Where the records below show a line containing "Lemma continuity_pt_one_sided (phi", start copying; end with the line containing "continuity h1 -> continuity h2 -> h1", and copy it too.

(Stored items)
********************
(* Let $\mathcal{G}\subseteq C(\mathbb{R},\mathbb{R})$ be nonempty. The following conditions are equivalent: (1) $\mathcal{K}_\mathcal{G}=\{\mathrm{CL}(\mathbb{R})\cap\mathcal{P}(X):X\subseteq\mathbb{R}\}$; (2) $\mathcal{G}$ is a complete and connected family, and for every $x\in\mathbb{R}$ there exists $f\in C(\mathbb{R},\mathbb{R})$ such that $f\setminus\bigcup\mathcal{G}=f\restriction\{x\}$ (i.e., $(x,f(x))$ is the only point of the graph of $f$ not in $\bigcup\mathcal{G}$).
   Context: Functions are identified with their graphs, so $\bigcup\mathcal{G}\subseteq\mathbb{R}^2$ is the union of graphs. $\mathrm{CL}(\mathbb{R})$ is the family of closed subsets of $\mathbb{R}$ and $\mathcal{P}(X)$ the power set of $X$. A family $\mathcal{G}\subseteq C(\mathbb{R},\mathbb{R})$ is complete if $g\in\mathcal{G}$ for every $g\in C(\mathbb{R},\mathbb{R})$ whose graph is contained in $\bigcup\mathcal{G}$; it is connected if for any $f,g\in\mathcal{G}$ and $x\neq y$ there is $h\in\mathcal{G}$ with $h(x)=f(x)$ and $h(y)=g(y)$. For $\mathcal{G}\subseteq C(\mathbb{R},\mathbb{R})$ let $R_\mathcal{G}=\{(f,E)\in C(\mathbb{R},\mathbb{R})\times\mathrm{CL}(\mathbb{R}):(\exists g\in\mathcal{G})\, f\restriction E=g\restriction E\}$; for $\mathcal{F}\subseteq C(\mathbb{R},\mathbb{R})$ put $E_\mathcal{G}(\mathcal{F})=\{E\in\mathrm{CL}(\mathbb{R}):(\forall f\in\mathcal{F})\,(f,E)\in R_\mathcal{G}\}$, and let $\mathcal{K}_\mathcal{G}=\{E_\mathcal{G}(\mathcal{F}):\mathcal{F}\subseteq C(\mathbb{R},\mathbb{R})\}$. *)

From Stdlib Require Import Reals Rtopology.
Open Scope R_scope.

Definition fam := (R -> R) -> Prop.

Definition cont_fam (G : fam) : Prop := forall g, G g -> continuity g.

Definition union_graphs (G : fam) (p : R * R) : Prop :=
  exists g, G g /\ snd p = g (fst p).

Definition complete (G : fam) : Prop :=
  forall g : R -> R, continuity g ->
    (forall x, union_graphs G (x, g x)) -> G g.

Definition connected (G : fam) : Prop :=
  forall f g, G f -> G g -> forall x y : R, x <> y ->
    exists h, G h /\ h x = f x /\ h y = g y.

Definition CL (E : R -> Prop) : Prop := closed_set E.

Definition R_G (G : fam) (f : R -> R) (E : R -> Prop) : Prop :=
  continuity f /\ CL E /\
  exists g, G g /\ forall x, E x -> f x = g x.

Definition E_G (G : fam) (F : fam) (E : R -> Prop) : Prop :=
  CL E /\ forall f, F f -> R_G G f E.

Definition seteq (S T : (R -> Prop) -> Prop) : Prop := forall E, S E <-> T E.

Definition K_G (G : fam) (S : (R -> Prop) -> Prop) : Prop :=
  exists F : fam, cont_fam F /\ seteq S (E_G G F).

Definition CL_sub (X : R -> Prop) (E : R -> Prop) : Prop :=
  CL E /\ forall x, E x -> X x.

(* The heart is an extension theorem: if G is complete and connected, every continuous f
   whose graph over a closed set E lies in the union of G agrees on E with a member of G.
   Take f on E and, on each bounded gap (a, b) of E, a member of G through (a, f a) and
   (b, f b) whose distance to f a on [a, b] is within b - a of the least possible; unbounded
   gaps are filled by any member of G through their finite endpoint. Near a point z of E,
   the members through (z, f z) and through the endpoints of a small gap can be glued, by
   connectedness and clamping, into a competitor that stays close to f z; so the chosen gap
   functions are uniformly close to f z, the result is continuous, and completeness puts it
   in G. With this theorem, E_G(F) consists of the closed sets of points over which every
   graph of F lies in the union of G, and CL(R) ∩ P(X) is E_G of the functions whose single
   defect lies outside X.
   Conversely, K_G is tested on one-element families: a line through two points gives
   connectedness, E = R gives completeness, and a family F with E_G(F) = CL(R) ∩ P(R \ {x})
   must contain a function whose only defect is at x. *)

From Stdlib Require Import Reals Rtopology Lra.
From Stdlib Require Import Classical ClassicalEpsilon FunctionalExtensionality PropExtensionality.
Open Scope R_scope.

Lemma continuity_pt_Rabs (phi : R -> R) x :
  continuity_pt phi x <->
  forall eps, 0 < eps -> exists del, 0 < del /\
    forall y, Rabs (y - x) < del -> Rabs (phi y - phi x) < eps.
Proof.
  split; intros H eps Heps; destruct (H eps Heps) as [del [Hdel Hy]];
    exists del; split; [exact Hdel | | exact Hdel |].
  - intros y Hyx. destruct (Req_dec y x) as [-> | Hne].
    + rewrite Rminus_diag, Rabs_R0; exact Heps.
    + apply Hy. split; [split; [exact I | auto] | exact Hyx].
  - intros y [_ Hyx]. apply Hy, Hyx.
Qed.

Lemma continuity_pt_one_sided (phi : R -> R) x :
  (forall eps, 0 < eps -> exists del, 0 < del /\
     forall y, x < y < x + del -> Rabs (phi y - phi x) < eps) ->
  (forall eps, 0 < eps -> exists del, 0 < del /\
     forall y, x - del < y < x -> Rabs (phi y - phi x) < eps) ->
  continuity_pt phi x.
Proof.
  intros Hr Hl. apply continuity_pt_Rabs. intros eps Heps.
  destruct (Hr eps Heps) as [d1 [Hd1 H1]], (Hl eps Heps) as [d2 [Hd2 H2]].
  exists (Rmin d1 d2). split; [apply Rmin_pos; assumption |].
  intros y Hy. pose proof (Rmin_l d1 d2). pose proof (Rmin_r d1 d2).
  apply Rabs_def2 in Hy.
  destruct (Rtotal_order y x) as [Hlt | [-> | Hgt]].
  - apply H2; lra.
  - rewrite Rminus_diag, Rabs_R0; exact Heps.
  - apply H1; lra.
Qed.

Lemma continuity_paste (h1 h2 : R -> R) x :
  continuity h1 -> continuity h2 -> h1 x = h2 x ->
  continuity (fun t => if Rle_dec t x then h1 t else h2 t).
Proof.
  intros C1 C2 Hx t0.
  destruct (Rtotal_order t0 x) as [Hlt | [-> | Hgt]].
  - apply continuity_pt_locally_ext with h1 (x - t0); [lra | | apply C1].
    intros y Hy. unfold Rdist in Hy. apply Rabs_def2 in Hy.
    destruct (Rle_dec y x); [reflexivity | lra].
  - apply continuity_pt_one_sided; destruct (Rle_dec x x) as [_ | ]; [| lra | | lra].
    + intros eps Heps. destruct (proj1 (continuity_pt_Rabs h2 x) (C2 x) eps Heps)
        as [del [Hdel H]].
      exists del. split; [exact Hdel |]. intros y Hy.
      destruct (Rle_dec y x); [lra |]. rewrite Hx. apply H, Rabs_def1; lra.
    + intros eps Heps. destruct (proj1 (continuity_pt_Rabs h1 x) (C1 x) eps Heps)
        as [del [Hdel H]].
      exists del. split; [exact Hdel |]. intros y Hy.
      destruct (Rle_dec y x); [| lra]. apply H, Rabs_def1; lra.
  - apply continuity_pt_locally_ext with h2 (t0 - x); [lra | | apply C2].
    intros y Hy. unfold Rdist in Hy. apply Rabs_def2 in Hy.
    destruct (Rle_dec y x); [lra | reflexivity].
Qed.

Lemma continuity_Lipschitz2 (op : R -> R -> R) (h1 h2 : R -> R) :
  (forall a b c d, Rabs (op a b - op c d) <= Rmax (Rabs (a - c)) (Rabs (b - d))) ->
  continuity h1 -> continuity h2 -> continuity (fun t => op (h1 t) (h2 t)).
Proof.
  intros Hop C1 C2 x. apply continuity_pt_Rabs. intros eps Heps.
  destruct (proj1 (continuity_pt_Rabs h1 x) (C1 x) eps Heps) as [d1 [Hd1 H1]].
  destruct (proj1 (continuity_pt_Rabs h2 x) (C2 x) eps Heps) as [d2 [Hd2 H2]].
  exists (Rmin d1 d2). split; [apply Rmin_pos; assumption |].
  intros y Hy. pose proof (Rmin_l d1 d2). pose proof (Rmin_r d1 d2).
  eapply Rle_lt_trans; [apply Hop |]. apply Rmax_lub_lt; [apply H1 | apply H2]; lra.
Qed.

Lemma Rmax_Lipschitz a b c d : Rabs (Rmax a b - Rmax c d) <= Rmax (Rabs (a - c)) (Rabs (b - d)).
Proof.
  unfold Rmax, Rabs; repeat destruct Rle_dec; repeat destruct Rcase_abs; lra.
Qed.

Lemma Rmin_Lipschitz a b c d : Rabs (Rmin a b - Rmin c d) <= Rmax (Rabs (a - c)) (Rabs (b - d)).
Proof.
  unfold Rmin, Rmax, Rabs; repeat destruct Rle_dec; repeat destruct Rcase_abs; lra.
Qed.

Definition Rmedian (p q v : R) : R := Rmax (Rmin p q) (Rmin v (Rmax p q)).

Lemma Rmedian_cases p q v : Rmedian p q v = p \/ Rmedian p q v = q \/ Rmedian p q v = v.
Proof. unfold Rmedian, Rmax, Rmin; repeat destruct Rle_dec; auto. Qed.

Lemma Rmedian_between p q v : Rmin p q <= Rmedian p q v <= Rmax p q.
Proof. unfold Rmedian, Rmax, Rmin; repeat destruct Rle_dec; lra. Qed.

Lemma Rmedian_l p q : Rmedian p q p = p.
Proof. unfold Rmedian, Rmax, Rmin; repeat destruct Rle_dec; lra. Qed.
********************
**Response to this task:**
Lemma continuity_pt_one_sided (phi : R -> R) x :
  (forall eps, 0 < eps -> exists del, 0 < del /\
     forall y, x < y < x + del -> Rabs (phi y - phi x) < eps) ->
  (forall eps, 0 < eps -> exists del, 0 < del /\
     forall y, x - del < y < x -> Rabs (phi y - phi x) < eps) ->
  continuity_pt phi x.
Proof.
  intros Hr Hl. apply continuity_pt_Rabs. intros eps Heps.
  destruct (Hr eps Heps) as [d1 [Hd1 H1]], (Hl eps Heps) as [d2 [Hd2 H2]].
  exists (Rmin d1 d2). split; [apply Rmin_pos; assumption |].
  intros y Hy. pose proof (Rmin_l d1 d2). pose proof (Rmin_r d1 d2).
  apply Rabs_def2 in Hy.
  destruct (Rtotal_order y x) as [Hlt | [-> | Hgt]].
  - apply H2; lra.
  - rewrite Rminus_diag, Rabs_R0; exact Heps.
  - apply H1; lra.
Qed.

Lemma continuity_paste (h1 h2 : R -> R) x :
  continuity h1 -> continuity h2 -> h1 x = h2 x ->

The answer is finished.